» **BRIEF**
The answer must be one number: how many lines in the data below include the string "realType".

[TASK INPUT — start]

Lemma cos_ge_half (x : R) : 0 <= x <= pi / 3%:R -> 2^-1 <= cos x.
Proof.
case/andP => x_ge0 x_le; have pi_gt0 := @pi_gt0 R.
have third_ge0 : 0 <= pi / 3%:R :> R by rewrite divr_ge0 ?ltW.
have third_le : pi / 3%:R <= pi :> R by rewrite ler_pdivrMr ?ltr0n //; lra.
rewrite -cos_pi_div3 leNgt ltr_cos ?in_itv /= ?third_ge0 ?third_le ?x_ge0 -?leNgt //.
exact: le_trans third_le.
Qed.

Lemma pi_div_natr_le (k l : nat) : (0 < k <= l)%N -> pi / l%:R <= pi / k%:R :> R.
Proof.
case/andP => k_gt0 k_le; apply: ler_wpM2l; first exact/ltW/pi_gt0.
by rewrite lef_pV2 ?posrE ?ltr0n ?ler_nat // (leq_trans k_gt0).
Qed.

Lemma pi_div_natr_ge0 (l : nat) : 0 <= pi / l%:R :> R.
Proof. by rewrite divr_ge0 // ltW // pi_gt0. Qed.

Lemma cos_pi_div_ge0 (m : nat) : (0 < m)%N -> 0 <= cos (pi / m.+1%:R) :> R.
Proof.
move=> m_gt0; apply: cos_ge0_pihalf; rewrite (@pi_div_natr_le 2 m.+1) // andbT.
by rewrite (le_trans _ (pi_div_natr_ge0 _)) // oppr_le0 (pi_div_natr_ge0 2).
Qed.

Lemma cos_pi_div_ge_half (m : nat) : (1 < m)%N -> 2^-1 <= cos (pi / m.+1%:R) :> R.
Proof.
move=> m_gt1; apply: cos_ge_half.
by rewrite pi_div_natr_ge0 (@pi_div_natr_le 3 m.+1).
Qed.

End CosineBounds.

Lemma eigenvector_vnorm_le (R : realType) (p n : nat) (a : 'I_n -> R[i])
    (m : 'I_n -> nat) (C0 : 'M[R[i]]_p)
    (B : forall j : 'I_n, 'I_(m j) -> 'M[R[i]]_p)
    (N : 'cV[R[i]]_p -> R) (l0 : R[i]) (v : 'cV[R[i]]_p) :
  (0 < p)%N -> is_vec_norm N -> Rfun a C0 B l0 *m v = 0 ->
  Normc.normc l0 * N v <= induced_norm N C0 * N v +
    \sum_j \sum_(k < m j) induced_norm N (B j k) *
      (N v / Normc.normc (l0 - a j) ^+ k.+1).
Proof.
move=> p_gt0 N_norm Rv0.
set S := \sum_(j < n) \sum_(k < m j) (l0 - a j) ^- k.+1 *: B j k.
have l0v : l0 *: v = C0 *m v - S *m v.
  apply/eqP; rewrite -subr_eq0 -Rv0 /Rfun mulmxDl mulmxBl mul_scalar_mx.
  by rewrite opprB addrA addrAC.
rewrite -(vnormZ N_norm) l0v; apply: le_trans (ler_vnormD N_norm _ _) _.
rewrite (vnormN N_norm) lerD ?induced_norm_ub //.
rewrite /S !mulmx_suml; apply: le_trans (ler_vnorm_sum N_norm _ _ _) _.
apply: ler_sum => j _; rewrite mulmx_suml; apply: le_trans (ler_vnorm_sum N_norm _ _ _) _.
apply: ler_sum => k _; rewrite -scalemxAl (vnormZ N_norm).
rewrite Normc.normcV normcX mulrC mulrA ler_wpM2r ?induced_norm_ub //.
by rewrite invr_ge0 exprn_ge0 // normc_ge0.
Qed.

Local Close Scope classical_set_scope.
Local Close Scope complex_scope.

Theorem corollary3p11 (R : realType) (p n : nat) (a : 'I_n -> R[i])
  (m : 'I_n -> nat) (C0 : 'M[R[i]]_p)
  (B : forall j : 'I_n, 'I_(m j) -> 'M[R[i]]_p)
  (N : 'cV[R[i]]_p -> R) (l0 : R[i]) :
  (0 < p)%N -> (0 < n)%N -> injective a -> (forall j, (0 < m j)%N) ->
  is_vec_norm N ->
  is_eigenvalue a C0 B l0 ->
  Normc.normc l0 <=
    \big[Num.max/induced_norm N C0]_(j < n)
       (Normc.normc (a j) + cos (pi / (m j).+1%:R))
    + 2^-1 * (Num.sqrt ((\sum_(j < n) m j)%N)%:R
              + Num.sqrt (\sum_(j < n) \sum_(k < m j) induced_norm N (B j k) ^+ 2)).
Proof.
(* The poles need not be distinct: each one is handled on its own. *)
move=> p_gt0 n_gt0 _ m_gt0 N_norm [l0_pole [v [v_neq0 Rv0]]].
apply: (resolvent_ineq_bound (alpha := fun j => Normc.normc (a j))
  (d := fun j => Normc.normc (l0 - a j)) (kap := fun j => cos (pi / (m j).+1%:R))
  _ _ (vnorm_gt0 N_norm v_neq0)) (eigenvector_vnorm_le p_gt0 N_norm Rv0) => //.
- move=> j; rewrite lt_neqAle normc_ge0 andbT eq_sym.
  by apply: contra (l0_pole j) => /eqP/Normc.eq0_normc/eqP; rewrite subr_eq0.
- by move=> j; rewrite -{1}(subrK (a j) l0) addrC le_normcD.
- by move=> j; exact: cos_pi_div_ge0.
- by move=> j; exact: cos_pi_div_ge_half.
- exact: bigmax_ge_id.
- by move=> j; exact: le_bigmax.
Qed.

[TASK INPUT — finish]

» **EXERCISE OUTPUT**
2